Practice your ollies at speed.

If those are the thoughts that are coming to you, sounds like your not comfortable enough riding and popping at those speeds. Rip around out side of the park and look for rollers to pop nice ollies at the same speed. Some times you can ride around the lip of the jump, and ollie from the deck to the landing.


----------



## Cr0_Reps_Smit (Jun 27, 2009)

I actually think its better to pop off a jump with a slight amount of pressure on your toe edge as opposed to being flat based. you have more control and its easier to get good pop off your toes.


----------



## tokyo_dom (Jan 7, 2013)

I feel fairly comfortable ollying flatbased off 'wave runs', even at higher speeds. I actually backed out of the biggest Jump in this park i went to (it is a run of 4 jumps, each progressively bigger, last being 25-30ft?). It was mainly the fear of catching an edge on the kicker at the speed i was approaching it, so i just went to side of it and just ollied over the hip.

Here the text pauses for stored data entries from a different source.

Lemma is_lim_seq_qbinom (phi psi : nat -> nat) (c : nat) :
  (forall K, (K <= phi K + c)%nat) -> (forall K, (K <= psi K + c)%nat) ->
  is_lim_seq (fun K => qbinom p (phi K + psi K) (phi K)) (/ G).
Proof.
  intros Hphi Hpsi.
  assert (Hlim : forall chi : nat -> nat, (forall K, (K <= chi K + c)%nat) ->
                   is_lim_seq (fun K => qpoch p (chi K)) G).
  { intros chi Hchi. apply is_lim_seq_subseq, is_lim_seq_qpoch; [|assumption..].
    apply (filterlim_nat_ge chi c Hchi). }
  apply is_lim_seq_ext with (fun K => qpoch p (phi K + psi K) / (qpoch p (phi K) * qpoch p (psi K))).
  { intros K. rewrite qbinom_closed by lia. do 2 f_equal. f_equal. lia. }
  replace (/ G) with (G / (G * G)) by (field; lra).
  apply is_lim_seq_div'; [| |nra].
  - apply (Hlim (fun K => phi K + psi K)%nat). intros K. specialize (Hphi K). lia.
  - apply is_lim_seq_mult'; apply Hlim; assumption.
Qed.

Lemma is_lim_seq_coef2 (n : nat) : is_lim_seq (fun K => coef2 q K n) (q ^ (n * n + n) * / G).
Proof.
  apply is_lim_seq_ext_loc with (fun K => qbinom p ((K + 1 + n) + (K - n)) (K + 1 + n) * q ^ (n * n + n)).
  { exists n. intros K HK. unfold coef2. do 2 f_equal. lia. }
  replace (q ^ (n * n + n) * / G) with (/ G * q ^ (n * n + n)) by ring.
  apply (is_lim_seq_scal_r _ _ (/ G)).
  apply (is_lim_seq_qbinom (fun K => K + 1 + n)%nat (fun K => K - n)%nat n); intros; lia.
Qed.

Lemma is_lim_seq_coef3 (n : nat) : is_lim_seq (fun K => coef3 q K n) (q ^ (n * n) * / G).
Proof.
  apply is_lim_seq_ext_loc with (fun K => qbinom p ((K + n) + (K - n)) (K + n) * q ^ (n * n)).
  { exists n. intros K HK. unfold coef3. do 2 f_equal. lia. }
  replace (q ^ (n * n) * / G) with (/ G * q ^ (n * n)) by ring.
  apply (is_lim_seq_scal_r _ _ (/ G)).
  apply (is_lim_seq_qbinom (fun K => K + n)%nat (fun K => K - n)%nat n); intros; lia.
Qed.

Lemma coef2_abs_le (K n : nat) : Rabs (coef2 q K n) <= C * q ^ (n * n + n).
Proof.
  unfold coef2. pose proof (qbinom_ge0 p p_gt0 p_lt1 (2 * K + 1) (K + 1 + n)).
  pose proof (qbinom_le p p_gt0 p_lt1 (2 * K + 1) (K + 1 + n)).
  assert (0 <= q ^ (n * n + n)) by (apply pow_le; lra).
  rewrite Rabs_pos_eq by (apply Rmult_le_pos; lra). apply Rmult_le_compat_r; lra.
Qed.

Lemma coef3_abs_le (K n : nat) : Rabs (coef3 q K n) <= C * q ^ (n * n).
Proof.
  unfold coef3. pose proof (qbinom_ge0 p p_gt0 p_lt1 (2 * K) (K + n)).
  pose proof (qbinom_le p p_gt0 p_lt1 (2 * K) (K + n)).
  assert (0 <= q ^ (n * n)) by (apply pow_le; lra).
  rewrite Rabs_pos_eq by (apply Rmult_le_pos; lra). apply Rmult_le_compat_r; lra.
Qed.

Lemma is_lim_seq_coef2_sum (w : nat -> R) : (forall n, Rabs (w n) <= 2 * INR n + 1) ->
  is_lim_seq (fun K => sum_f_R0 (fun n => coef2 q K n * w n) K)
             (Series (fun n => q ^ (n * n + n) * w n) * / G).
Proof.
  intros Hw. rewrite <- Series_scal_r.
  apply (tannery_finite_support _ _ (fun n => C * ((2 * INR n + 1) * q ^ (n * n + n)))).
  - intros K n H. rewrite coef2_gt by lia. ring.
  - intros n. replace (q ^ (n * n + n) * w n * / G) with (q ^ (n * n + n) * / G * w n) by ring.
    apply (is_lim_seq_scal_r _ (w n) _ (is_lim_seq_coef2 n)).
  - intros K n. rewrite Rabs_mult.
    pose proof (coef2_abs_le K n). pose proof (Hw n). pose proof (Rabs_pos (coef2 q K n)).
    pose proof (Rabs_pos (w n)). assert (0 <= q ^ (n * n + n)) by (apply pow_le; lra).
    replace (C * ((2 * INR n + 1) * q ^ (n * n + n))) with (C * q ^ (n * n + n) * (2 * INR n + 1)) by ring.
    apply Rmult_le_compat; lra.
  - apply (ex_series_scal_l C (fun n => (2 * INR n + 1) * q ^ (n * n + n))), ex_series_odd_q_pow; assumption.
Qed.

Lemma is_lim_seq_coef3_sum (s : R) : Rabs s = 1 ->
  is_lim_seq (fun K => sum_f_R0 (fun n => coef3 q K n * s ^ n) K)
             (Series (fun n => q ^ (n * n) * s ^ n) * / G).
Proof.
  intros Hs. rewrite <- Series_scal_r.
  apply (tannery_finite_support _ _ (fun n => C * q ^ (n * n))).
  - intros K n H. rewrite coef3_gt by lia. ring.
  - intros n. replace (q ^ (n * n) * s ^ n * / G) with (q ^ (n * n) * / G * s ^ n) by ring.
    apply (is_lim_seq_scal_r _ (s ^ n) _ (is_lim_seq_coef3 n)).
  - intros K n. rewrite Rabs_mult, <- RPow_abs, Hs, pow1, Rmult_1_r. apply coef3_abs_le.
  - apply (ex_series_scal_l C (fun n => q ^ (n * n))), ex_series_q_pow_sq; assumption.
Qed.

End CoefficientLimits.

(* With the nome [q = exp (- PI tau0)]: [theta2 y = 2 q^(1/4) theta2_sum q y],
   [theta2' y = - 2 q^(1/4) theta2_deriv_sum q y], [theta3 0 = 2 theta3_sum q 1 - 1]
   and [theta4 0 = 2 theta3_sum q (-1) - 1]. *)
Definition theta2_sum (q y : R) : R :=
  Series (fun n => q ^ (n * n + n) * cos ((2 * INR n + 1) * y)).
Definition theta2_deriv_sum (q y : R) : R :=
  Series (fun n => q ^ (n * n + n) * ((2 * INR n + 1) * sin ((2 * INR n + 1) * y))).
Definition theta3_sum (q s : R) : R := Series (fun n => q ^ (n * n) * s ^ n).

Section ProductLimits.
Variable q : R.
Hypothesis q_gt0 : 0 < q.
Hypothesis q_lt1 : q < 1.
Local Notation p := (q * q).
Local Notation G := (qpoch_inf (q * q)).

Let p_gt0 : 0 < p. Proof. nra. Qed.
Let p_lt1 : p < 1. Proof. nra. Qed.
Let G_pos : 0 < G. Proof. exact (qpoch_inf_pos p p_gt0 p_lt1). Qed.

Lemma is_lim_seq_prod2 (y : R) :
  is_lim_seq (fun K => cos y * prod2 q K y) (theta2_sum q y * / G).
Proof.
  apply is_lim_seq_ext with (fun K => sum_f_R0 (fun n => coef2 q K n * cos ((2 * INR n + 1) * y)) K).
  - intros K. symmetry. apply prod2_expand; assumption.
  - apply is_lim_seq_coef2_sum; [assumption..|].
    intros n. pose proof (pos_INR n). pose proof (COS_bound ((2 * INR n + 1) * y)).
    apply Rabs_le. lra.
Qed.

Lemma is_lim_seq_prod2_deriv (x : R) :
  is_lim_seq (fun K => sin x * prod2 q K x - cos x * prod2_deriv q K x)
             (theta2_deriv_sum q x * / G).
Proof.
  apply is_lim_seq_ext
    with (fun K => sum_f_R0 (fun n => coef2 q K n * ((2 * INR n + 1) * sin ((2 * INR n + 1) * x))) K).
  - intros K. apply prod2_expand_deriv. lra.
  - apply is_lim_seq_coef2_sum; [assumption..|].
    intros n. pose proof (pos_INR n). pose proof (SIN_bound ((2 * INR n + 1) * x)).
    rewrite Rabs_mult, (Rabs_pos_eq (2 * INR n + 1)) by lra.
    assert (Rabs (sin ((2 * INR n + 1) * x)) <= 1) by (apply Rabs_le; lra).
    apply Rle_trans with ((2 * INR n + 1) * 1); [apply Rmult_le_compat_l|]; lra.
Qed.

Lemma is_lim_seq_prod3 (s : R) : s = 1 \/ s = -1 ->
  is_lim_seq (fun K => prod3 q s K) ((2 * theta3_sum q s - 1) * / G).
Proof.
  intros Hs.
  assert (Habs : Rabs s = 1) by (destruct Hs as [-> | ->]; [apply Rabs_R1|rewrite Rabs_left; lra]).
  assert (Hsq : s * s = 1) by (destruct Hs as [-> | ->]; ring).
  apply is_lim_seq_ext with (fun K => 2 * sum_f_R0 (fun n => coef3 q K n * s ^ n) K - coef3 q K 0).
  - intros K. symmetry. apply prod3_expand; assumption.
  - replace ((2 * theta3_sum q s - 1) * / G)
      with (2 * (theta3_sum q s * / G) - q ^ (0 * 0) * / G) by (simpl; ring).
    apply is_lim_seq_minus'; [apply is_lim_seq_mult'|apply is_lim_seq_coef3; assumption].
    + apply is_lim_seq_const.
    + apply is_lim_seq_coef3_sum; assumption.
Qed.

Lemma is_lim_seq_prod_odd_sq :
  is_lim_seq (fun K => prod_odd p K * prod_odd p K)
             ((2 * theta3_sum q 1 - 1) * / G * ((2 * theta3_sum q (-1) - 1) * / G)).
Proof.
  apply is_lim_seq_ext with (fun K => prod3 q 1 K * prod3 q (-1) K); [apply prod3_mul_opp|].
  apply is_lim_seq_mult'; apply is_lim_seq_prod3; auto.
Qed.

End ProductLimits.

Section SeriesInequalities.
Variable q : R.
Hypothesis q_gt0 : 0 < q.
Hypothesis q_lt1 : q < 1.
Local Notation p := (q * q).
Local Notation G := (qpoch_inf (q * q)).
Local Notation A := ((2 * theta3_sum q 1 - 1) * (2 * theta3_sum q (-1) - 1)).

Let p_gt0 : 0 < p. Proof. nra. Qed.
Let p_lt1 : p < 1. Proof. nra. Qed.
Let G_pos : 0 < G. Proof. exact (qpoch_inf_pos p p_gt0 p_lt1). Qed.

Lemma theta2_sum_pos (y : R) : 0 < y < PI / 2 -> 0 < theta2_sum q y.
Proof.
  intros Hy. assert (Hc : 0 < cos y) by (apply cos_gt_0; lra).
  assert (H : cos y * (G * G) <= theta2_sum q y * / G).
  { apply (is_lim_seq_le (fun K => cos y * (qpoch p K * qpoch p K)) (fun K => cos y * prod2 q K y)
             (cos y * (G * G)) (theta2_sum q y * / G)).
    - intros K. apply Rmult_le_compat_l; [lra|apply prod2_ge_qpoch; assumption].
    - apply is_lim_seq_mult'; [apply is_lim_seq_const|].
      apply is_lim_seq_mult'; apply is_lim_seq_qpoch; assumption.
    - apply is_lim_seq_prod2; assumption. }
  assert (0 < theta2_sum q y * / G) by (eapply Rlt_le_trans; [|exact H]; apply Rmult_lt_0_compat; nra).
  apply Rmult_lt_reg_r with (/ G); [apply Rinv_0_lt_compat; lra|lra].
Qed.

Lemma theta3_sum_prod_pos : 0 < A.
Proof.
  pose proof (qpoch_lb_pos p) as Hlb.
  assert (H : qpoch_lb p * qpoch_lb p <= A * / G * / G).
  { replace (A * / G * / G)
      with ((2 * theta3_sum q 1 - 1) * / G * ((2 * theta3_sum q (-1) - 1) * / G)) by ring.
    apply (is_lim_seq_le (fun _ => qpoch_lb p * qpoch_lb p) (fun K => prod_odd p K * prod_odd p K)
             (qpoch_lb p * qpoch_lb p)
             ((2 * theta3_sum q 1 - 1) * / G * ((2 * theta3_sum q (-1) - 1) * / G)));
      [|apply is_lim_seq_const|apply is_lim_seq_prod_odd_sq; assumption].
    intros K. pose proof (qpoch_ge_lb p p_gt0 p_lt1 (2 * K)).
    pose proof (qpoch_le_prod_odd p p_gt0 p_lt1 K). apply Rmult_le_compat; lra. }
  replace A with (A * / G * / G * (G * G)) by (field; lra).
  apply Rmult_lt_0_compat; nra.
Qed.

Lemma theta2_deriv_sum_gt (x : R) : 0 < x < PI / 2 ->
  A * theta2_sum q (PI / 2 - x) < theta2_deriv_sum q x.
Proof.
  intros Hx. set (d := first_factor_gain q x).
  assert (Hd : 0 < d) by (apply first_factor_gain_pos; assumption).
  assert (HS : 0 < theta2_sum q (PI / 2 - x)) by (apply theta2_sum_pos; lra).
  pose proof theta3_sum_prod_pos as HA.
  assert (Hle : (1 + d) * (theta2_sum q (PI / 2 - x) * / G) * (A * / G * / G * (G * G))
                <= theta2_deriv_sum q x * / G).
  { apply (is_lim_seq_le _ _
      ((1 + d) * (theta2_sum q (PI / 2 - x) * / G) * (A * / G * / G * (G * G)))
      (theta2_deriv_sum q x * / G) (fun K => prod2_key_ineq q q_gt0 q_lt1 K x Hx)).
    - apply is_lim_seq_mult'; [apply is_lim_seq_mult'; [apply is_lim_seq_const|]|].
      + apply (is_lim_seq_incr_1 (fun K => cos (PI / 2 - x) * prod2 q K (PI / 2 - x))).
        apply is_lim_seq_prod2; assumption.
      + apply is_lim_seq_ext with
          (fun K => prod_odd p (S K) * prod_odd p (S K) * (qpoch p (S K) * qpoch p (S K)));
          [intros K; ring|].
        replace (A * / G * / G)
          with ((2 * theta3_sum q 1 - 1) * / G * ((2 * theta3_sum q (-1) - 1) * / G)) by ring.
        apply is_lim_seq_mult'.
        * apply (is_lim_seq_incr_1 (fun K => prod_odd p K * prod_odd p K)).
          apply is_lim_seq_prod_odd_sq; assumption.
        * apply (is_lim_seq_incr_1 (fun K => qpoch p K * qpoch p K)).
          apply is_lim_seq_mult'; apply is_lim_seq_qpoch; assumption.
    - apply (is_lim_seq_incr_1 (fun K => sin x * prod2 q K x - cos x * prod2_deriv q K x)).
      apply is_lim_seq_prod2_deriv; assumption. }
  replace ((1 + d) * (theta2_sum q (PI / 2 - x) * / G) * (A * / G * / G * (G * G)))
    with ((1 + d) * theta2_sum q (PI / 2 - x) * A * / G) in Hle by (field; lra).
  apply Rmult_le_reg_r in Hle; [|apply Rinv_0_lt_compat; lra].
  assert (0 < d * theta2_sum q (PI / 2 - x) * A) by (apply Rmult_lt_0_compat; [apply Rmult_lt_0_compat|]; lra).
  nra.
Qed.

End SeriesInequalities.

(** * Theta functions *)

Lemma sum_f_R0_opp (a : nat -> R) (N : nat) : sum_f_R0 (fun n => - a n) N = - sum_f_R0 a N.
Proof. induction N as [|N IH]; simpl; [ring|]. rewrite IH. ring. Qed.

Lemma is_derive_theta2_sum (q x : R) : 0 < q < 1 ->
  is_derive (theta2_sum q) x (- theta2_deriv_sum q x).
Proof.
  intros Hq.
  set (u := fun n y => - (q ^ (n * n + n) * ((2 * INR n + 1) * sin ((2 * INR n + 1) * y)))).
  set (M := fun n => (2 * INR n + 1) * q ^ (n * n + n)).
  assert (HM : forall n, 0 <= M n)
    by (intros n; pose proof (pos_INR n); apply Rmult_le_pos; [lra|apply pow_le; lra]).
  assert (exM : ex_series M) by (apply ex_series_odd_q_pow; lra).
  assert (Hu : forall n y, Rabs (u n y) <= M n).
  { intros n y. unfold u, M. rewrite Rabs_Ropp, !Rabs_mult.
    pose proof (pos_INR n). pose proof (Rabs_pos (sin ((2 * INR n + 1) * y))).
    assert (Rabs (sin ((2 * INR n + 1) * y)) <= 1) by (apply Rabs_le, SIN_bound).
    assert (0 <= q ^ (n * n + n)) by (apply pow_le; lra).
    rewrite (Rabs_pos_eq (q ^ _)), (Rabs_pos_eq (2 * INR n + 1)) by lra.
    apply Rle_trans with (q ^ (n * n + n) * ((2 * INR n + 1) * 1)); [|right; ring].
    apply Rmult_le_compat_l, Rmult_le_compat_l; lra. }
  unfold theta2_deriv_sum. rewrite <- Series_opp. apply is_derive_Reals.
  apply (CVU_derivable (fun K y => sum_f_R0 (fun n => q ^ (n * n + n) * cos ((2 * INR n + 1) * y)) K)
           (fun K y => sum_f_R0 (fun n => u n y) K) _ (fun y => Series (fun n => u n y))
           x (mkposreal 1 Rlt_0_1)).
  - exact (CVU_series_Mtest u M x _ Hu exM).
  - intros y _. apply is_lim_seq_Reals, is_lim_seq_sum_f_R0.
    apply (ex_series_Rabs_le _ M); [|exact exM]. intros n. unfold M.
    pose proof (pos_INR n). assert (0 <= q ^ (n * n + n)) by (apply pow_le; lra).
    rewrite Rabs_mult, (Rabs_pos_eq (q ^ _)) by assumption.
    assert (Rabs (cos ((2 * INR n + 1) * y)) <= 1) by apply Rabs_le, COS_bound.
    pose proof (Rabs_pos (cos ((2 * INR n + 1) * y))). nra.
  - intros K y _. apply is_derive_Reals. unfold u. rewrite sum_f_R0_opp. apply is_derive_sum_cos.
  - unfold Boule. simpl. rewrite Rminus_diag, Rabs_R0. lra.
Qed.

Lemma theta3_sum_incr_1 (q s : R) : 0 < q < 1 -> Rabs s = 1 ->
  theta3_sum q s = 1 + Series (fun n => q ^ (S n * S n) * s ^ S n).
Proof.
  intros Hq Hs. unfold theta3_sum. rewrite Series_incr_1; [simpl; ring|].
  apply (ex_series_Rabs_le _ (fun n => q ^ (n * n))); [|apply ex_series_q_pow_sq; lra].
  intros n. rewrite Rabs_mult, <- (RPow_abs s), Hs, pow1, Rmult_1_r.
  rewrite Rabs_pos_eq by (apply pow_le; lra). lra.
Qed.

Lemma exp_pow_INR (a : R) (n : nat) : exp a ^ n = exp (INR n * a).
Proof.
  induction n as [|n IH]; [simpl; now rewrite Rmult_0_l, exp_0|].
  rewrite S_INR. simpl. rewrite IH, <- exp_plus. f_equal. ring.
Qed.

I have to admit, I cant remember ever having caught an edge while flatbasing with this board (K2 Parkstar - flat rocker), so perhaps its just a fear i have to get over. I suppose some of my fear about flatbasing is the possibility of being thrown heelside right before the launch. If i catch a toe edge i might be able to do something, but the thought of leaving heel edge and having the board come out in front of me is not cool. I read that story on here about the guy breaking his back because of a heel edge jump and dont want to repeat it.

Cr0, that is reassuring to hear.


----------



## Casual (Feb 9, 2011)

Just keep doing the smaller ones flat based until your not uncomfortable anymore... do not go off an an edge please, I kringe when I see this. Those making the comments like that may have found it works for them but 99% of the time I see people do this they are off balance in the air.

approach flat, stay flat, pop flat, land flat... end of story.


----------



## redlude97 (Jan 9, 2008)

Casual said:


> Just keep doing the smaller ones flat based until your not uncomfortable anymore... do not go off an an edge please, I kringe when I see this. Those making the comments like that may have found it works for them but 99% of the time I see people do this they are off balance in the air.
> 
> approach flat, stay flat, pop flat, land flat... end of story.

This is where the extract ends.